Problem
Set out exactly every line of the entries below, starting at the line that holds "Proof. by rewrite addrC;" and stopping after the line that holds "Lemma vl_joinxx (x : V) : join x x = x.".

Records shown: Begin

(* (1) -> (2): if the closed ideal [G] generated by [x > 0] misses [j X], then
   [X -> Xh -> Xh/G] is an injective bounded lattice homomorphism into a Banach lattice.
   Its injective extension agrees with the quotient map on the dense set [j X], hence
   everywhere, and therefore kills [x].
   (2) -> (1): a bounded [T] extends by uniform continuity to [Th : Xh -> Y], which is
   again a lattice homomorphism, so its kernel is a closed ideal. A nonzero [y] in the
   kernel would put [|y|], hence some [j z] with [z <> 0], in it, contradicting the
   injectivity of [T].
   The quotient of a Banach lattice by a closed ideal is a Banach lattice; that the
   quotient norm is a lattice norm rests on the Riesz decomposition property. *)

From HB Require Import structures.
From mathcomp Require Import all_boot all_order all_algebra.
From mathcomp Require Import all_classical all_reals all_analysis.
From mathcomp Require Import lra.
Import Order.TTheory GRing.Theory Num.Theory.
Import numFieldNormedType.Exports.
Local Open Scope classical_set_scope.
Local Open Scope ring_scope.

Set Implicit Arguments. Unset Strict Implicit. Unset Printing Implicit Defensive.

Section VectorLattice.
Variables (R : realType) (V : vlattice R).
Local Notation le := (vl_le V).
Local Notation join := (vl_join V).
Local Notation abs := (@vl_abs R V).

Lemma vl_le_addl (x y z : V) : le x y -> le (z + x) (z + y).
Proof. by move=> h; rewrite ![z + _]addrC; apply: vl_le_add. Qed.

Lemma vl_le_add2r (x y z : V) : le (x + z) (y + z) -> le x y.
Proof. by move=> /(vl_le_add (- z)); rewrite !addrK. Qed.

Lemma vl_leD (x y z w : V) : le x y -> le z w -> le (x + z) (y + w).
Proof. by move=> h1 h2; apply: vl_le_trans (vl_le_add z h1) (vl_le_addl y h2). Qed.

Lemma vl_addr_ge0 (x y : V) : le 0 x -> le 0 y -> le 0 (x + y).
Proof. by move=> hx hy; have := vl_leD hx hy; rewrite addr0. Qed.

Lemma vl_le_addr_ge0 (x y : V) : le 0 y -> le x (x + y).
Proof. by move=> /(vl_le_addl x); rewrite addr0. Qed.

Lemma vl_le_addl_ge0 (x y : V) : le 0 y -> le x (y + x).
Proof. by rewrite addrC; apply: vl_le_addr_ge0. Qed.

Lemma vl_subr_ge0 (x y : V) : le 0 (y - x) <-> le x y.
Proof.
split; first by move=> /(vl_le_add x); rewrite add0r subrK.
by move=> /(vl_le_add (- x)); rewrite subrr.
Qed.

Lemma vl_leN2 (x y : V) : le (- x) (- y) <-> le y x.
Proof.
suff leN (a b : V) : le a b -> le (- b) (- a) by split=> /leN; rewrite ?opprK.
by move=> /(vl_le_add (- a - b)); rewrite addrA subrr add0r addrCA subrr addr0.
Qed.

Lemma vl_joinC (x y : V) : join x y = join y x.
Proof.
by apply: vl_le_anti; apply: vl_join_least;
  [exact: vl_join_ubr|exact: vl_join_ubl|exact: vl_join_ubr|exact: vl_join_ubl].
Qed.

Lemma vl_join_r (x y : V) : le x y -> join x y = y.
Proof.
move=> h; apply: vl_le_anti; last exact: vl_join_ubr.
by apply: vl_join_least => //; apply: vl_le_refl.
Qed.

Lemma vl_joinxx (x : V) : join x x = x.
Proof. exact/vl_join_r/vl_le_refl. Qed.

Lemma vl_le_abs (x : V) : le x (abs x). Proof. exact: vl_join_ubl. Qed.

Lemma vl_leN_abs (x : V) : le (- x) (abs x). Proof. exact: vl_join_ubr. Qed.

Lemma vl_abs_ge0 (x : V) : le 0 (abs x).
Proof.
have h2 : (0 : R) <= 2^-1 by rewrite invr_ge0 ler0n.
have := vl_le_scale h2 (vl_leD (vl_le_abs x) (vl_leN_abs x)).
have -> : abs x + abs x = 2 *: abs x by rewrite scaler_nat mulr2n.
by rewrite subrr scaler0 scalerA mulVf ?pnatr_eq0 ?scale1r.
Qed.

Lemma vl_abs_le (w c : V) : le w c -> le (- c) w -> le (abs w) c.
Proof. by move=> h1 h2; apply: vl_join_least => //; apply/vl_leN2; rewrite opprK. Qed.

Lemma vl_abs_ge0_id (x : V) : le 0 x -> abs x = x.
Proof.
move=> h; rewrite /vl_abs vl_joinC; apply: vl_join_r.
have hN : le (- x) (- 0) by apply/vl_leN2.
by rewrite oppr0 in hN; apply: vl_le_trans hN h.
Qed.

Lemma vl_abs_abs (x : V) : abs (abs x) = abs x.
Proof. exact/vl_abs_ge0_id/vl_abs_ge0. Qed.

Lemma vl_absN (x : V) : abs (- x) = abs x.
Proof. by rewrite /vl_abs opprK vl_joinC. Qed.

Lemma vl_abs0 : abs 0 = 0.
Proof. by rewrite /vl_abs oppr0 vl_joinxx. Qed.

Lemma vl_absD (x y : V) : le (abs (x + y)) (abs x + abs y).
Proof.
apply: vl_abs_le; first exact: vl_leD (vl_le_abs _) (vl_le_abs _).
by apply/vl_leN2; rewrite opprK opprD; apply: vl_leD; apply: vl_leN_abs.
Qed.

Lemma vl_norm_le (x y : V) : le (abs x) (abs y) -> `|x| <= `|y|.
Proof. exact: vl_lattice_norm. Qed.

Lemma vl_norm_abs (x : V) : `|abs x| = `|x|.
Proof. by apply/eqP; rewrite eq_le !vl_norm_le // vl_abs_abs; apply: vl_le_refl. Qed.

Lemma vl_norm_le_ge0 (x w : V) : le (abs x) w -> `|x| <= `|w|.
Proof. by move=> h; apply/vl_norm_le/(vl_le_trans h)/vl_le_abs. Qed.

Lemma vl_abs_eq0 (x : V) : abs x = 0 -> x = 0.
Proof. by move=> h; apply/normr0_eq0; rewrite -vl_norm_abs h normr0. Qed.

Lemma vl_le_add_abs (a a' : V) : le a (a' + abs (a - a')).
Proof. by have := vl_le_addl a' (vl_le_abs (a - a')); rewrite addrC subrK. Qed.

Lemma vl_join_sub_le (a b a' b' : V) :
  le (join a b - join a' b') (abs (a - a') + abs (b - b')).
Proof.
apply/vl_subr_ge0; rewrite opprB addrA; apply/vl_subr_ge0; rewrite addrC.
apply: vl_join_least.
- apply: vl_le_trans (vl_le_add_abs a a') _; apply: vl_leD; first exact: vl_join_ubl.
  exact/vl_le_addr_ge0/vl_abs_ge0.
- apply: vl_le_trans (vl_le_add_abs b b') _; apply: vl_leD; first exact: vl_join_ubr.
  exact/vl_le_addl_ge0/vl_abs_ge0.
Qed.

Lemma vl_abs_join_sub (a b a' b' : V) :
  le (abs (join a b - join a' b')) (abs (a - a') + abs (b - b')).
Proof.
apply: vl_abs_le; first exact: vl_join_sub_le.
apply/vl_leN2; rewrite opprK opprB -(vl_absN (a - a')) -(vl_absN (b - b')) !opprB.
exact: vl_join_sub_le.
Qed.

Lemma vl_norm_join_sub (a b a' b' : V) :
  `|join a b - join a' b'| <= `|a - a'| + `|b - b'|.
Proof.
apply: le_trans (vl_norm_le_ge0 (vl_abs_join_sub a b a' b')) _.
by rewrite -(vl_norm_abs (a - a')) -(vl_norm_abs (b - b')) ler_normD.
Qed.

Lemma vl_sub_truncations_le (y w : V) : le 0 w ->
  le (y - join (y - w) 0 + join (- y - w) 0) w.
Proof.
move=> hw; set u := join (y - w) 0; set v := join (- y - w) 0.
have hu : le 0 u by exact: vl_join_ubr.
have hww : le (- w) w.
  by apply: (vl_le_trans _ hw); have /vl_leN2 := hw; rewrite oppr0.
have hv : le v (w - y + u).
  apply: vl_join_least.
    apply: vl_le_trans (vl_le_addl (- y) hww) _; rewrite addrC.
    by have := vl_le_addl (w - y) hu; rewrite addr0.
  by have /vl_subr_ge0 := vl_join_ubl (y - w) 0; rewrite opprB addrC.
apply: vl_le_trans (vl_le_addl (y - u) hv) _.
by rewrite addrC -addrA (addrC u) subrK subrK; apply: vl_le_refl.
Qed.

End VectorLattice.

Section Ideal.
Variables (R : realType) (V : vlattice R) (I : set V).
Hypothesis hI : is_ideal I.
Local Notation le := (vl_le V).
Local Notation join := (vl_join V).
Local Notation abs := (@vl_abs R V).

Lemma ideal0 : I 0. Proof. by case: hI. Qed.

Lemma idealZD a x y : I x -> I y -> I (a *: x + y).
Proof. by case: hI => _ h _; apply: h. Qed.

Records shown: End
Records shown: Begin

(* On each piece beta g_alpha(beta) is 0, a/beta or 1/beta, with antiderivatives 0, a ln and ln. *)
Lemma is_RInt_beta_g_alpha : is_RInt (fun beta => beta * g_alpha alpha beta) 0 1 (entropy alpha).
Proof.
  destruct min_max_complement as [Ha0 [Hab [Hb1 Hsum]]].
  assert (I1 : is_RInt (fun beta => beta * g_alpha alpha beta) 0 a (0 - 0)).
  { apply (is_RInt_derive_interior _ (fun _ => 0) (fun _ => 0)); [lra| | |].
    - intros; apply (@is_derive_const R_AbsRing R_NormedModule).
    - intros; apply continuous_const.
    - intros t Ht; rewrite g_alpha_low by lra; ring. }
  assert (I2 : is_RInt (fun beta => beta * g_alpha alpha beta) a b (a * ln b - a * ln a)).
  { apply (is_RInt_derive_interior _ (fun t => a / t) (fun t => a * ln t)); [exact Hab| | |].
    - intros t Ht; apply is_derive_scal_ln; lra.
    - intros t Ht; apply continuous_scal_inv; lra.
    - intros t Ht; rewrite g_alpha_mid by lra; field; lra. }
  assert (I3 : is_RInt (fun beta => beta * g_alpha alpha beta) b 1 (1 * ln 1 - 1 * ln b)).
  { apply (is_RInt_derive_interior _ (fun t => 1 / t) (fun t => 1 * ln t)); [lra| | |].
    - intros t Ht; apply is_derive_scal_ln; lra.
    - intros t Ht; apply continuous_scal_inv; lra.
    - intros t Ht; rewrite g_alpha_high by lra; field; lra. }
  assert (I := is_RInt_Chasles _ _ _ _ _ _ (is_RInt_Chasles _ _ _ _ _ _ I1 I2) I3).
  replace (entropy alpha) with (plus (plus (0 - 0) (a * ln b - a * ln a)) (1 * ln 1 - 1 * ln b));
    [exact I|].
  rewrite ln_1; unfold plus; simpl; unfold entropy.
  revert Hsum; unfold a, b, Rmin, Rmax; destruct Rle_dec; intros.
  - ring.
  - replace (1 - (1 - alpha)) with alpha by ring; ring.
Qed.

Records shown: End

Response for this exercise
Proof. by rewrite addrC; apply: vl_le_addr_ge0. Qed.

Lemma vl_subr_ge0 (x y : V) : le 0 (y - x) <-> le x y.
Proof.
split; first by move=> /(vl_le_add x); rewrite add0r subrK.
by move=> /(vl_le_add (- x)); rewrite subrr.
Qed.

Lemma vl_leN2 (x y : V) : le (- x) (- y) <-> le y x.
Proof.
suff leN (a b : V) : le a b -> le (- b) (- a) by split=> /leN; rewrite ?opprK.
by move=> /(vl_le_add (- a - b)); rewrite addrA subrr add0r addrCA subrr addr0.
Qed.

Lemma vl_joinC (x y : V) : join x y = join y x.
Proof.
by apply: vl_le_anti; apply: vl_join_least;
  [exact: vl_join_ubr|exact: vl_join_ubl|exact: vl_join_ubr|exact: vl_join_ubl].
Qed.

Lemma vl_join_r (x y : V) : le x y -> join x y = y.
Proof.
move=> h; apply: vl_le_anti; last exact: vl_join_ubr.
by apply: vl_join_least => //; apply: vl_le_refl.
Qed.

Lemma vl_joinxx (x : V) : join x x = x.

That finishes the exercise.